Material provided Start Marker

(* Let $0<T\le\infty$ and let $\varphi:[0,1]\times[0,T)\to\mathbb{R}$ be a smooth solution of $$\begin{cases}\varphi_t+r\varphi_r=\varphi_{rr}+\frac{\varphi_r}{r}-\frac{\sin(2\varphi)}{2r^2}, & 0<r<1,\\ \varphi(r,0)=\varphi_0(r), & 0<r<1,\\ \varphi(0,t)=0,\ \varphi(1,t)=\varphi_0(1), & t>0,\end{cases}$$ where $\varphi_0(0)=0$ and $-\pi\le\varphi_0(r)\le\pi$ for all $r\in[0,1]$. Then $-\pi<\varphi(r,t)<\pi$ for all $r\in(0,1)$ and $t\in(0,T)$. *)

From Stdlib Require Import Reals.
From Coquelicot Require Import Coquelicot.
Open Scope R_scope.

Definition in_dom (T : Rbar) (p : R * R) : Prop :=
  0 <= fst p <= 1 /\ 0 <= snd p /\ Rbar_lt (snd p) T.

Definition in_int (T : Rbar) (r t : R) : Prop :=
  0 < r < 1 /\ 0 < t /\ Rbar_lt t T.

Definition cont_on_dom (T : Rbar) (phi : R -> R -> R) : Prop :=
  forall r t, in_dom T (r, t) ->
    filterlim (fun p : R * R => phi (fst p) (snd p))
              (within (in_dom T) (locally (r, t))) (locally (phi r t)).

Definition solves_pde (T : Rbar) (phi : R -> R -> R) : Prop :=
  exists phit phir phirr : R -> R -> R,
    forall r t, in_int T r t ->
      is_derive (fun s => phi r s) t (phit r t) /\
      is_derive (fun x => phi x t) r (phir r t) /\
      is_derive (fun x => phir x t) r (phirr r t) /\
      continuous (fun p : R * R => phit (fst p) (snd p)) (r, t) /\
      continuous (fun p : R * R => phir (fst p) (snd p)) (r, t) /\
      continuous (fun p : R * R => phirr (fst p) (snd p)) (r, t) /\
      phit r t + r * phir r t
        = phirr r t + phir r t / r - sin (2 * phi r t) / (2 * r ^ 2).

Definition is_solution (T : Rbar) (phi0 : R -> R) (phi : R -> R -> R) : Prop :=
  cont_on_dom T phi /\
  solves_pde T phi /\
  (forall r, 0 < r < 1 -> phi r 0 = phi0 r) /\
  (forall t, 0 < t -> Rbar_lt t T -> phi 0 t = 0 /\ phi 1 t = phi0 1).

Material provided End Marker

* Exercise goal *
The line containing "forall r t, in_dom T (r, t) ->" and all lines after it, through the end of the entries above, are to be returned exactly and alone.

* Written response *
  forall r t, in_dom T (r, t) ->
    filterlim (fun p : R * R => phi (fst p) (snd p))
              (within (in_dom T) (locally (r, t))) (locally (phi r t)).

Definition solves_pde (T : Rbar) (phi : R -> R -> R) : Prop :=
  exists phit phir phirr : R -> R -> R,
    forall r t, in_int T r t ->
      is_derive (fun s => phi r s) t (phit r t) /\
      is_derive (fun x => phi x t) r (phir r t) /\
      is_derive (fun x => phir x t) r (phirr r t) /\
      continuous (fun p : R * R => phit (fst p) (snd p)) (r, t) /\
      continuous (fun p : R * R => phir (fst p) (snd p)) (r, t) /\
      continuous (fun p : R * R => phirr (fst p) (snd p)) (r, t) /\
      phit r t + r * phir r t
        = phirr r t + phir r t / r - sin (2 * phi r t) / (2 * r ^ 2).

Definition is_solution (T : Rbar) (phi0 : R -> R) (phi : R -> R -> R) : Prop :=
  cont_on_dom T phi /\
  solves_pde T phi /\
  (forall r, 0 < r < 1 -> phi r 0 = phi0 r) /\
  (forall t, 0 < t -> Rbar_lt t T -> phi 0 t = 0 /\ phi 1 t = phi0 1).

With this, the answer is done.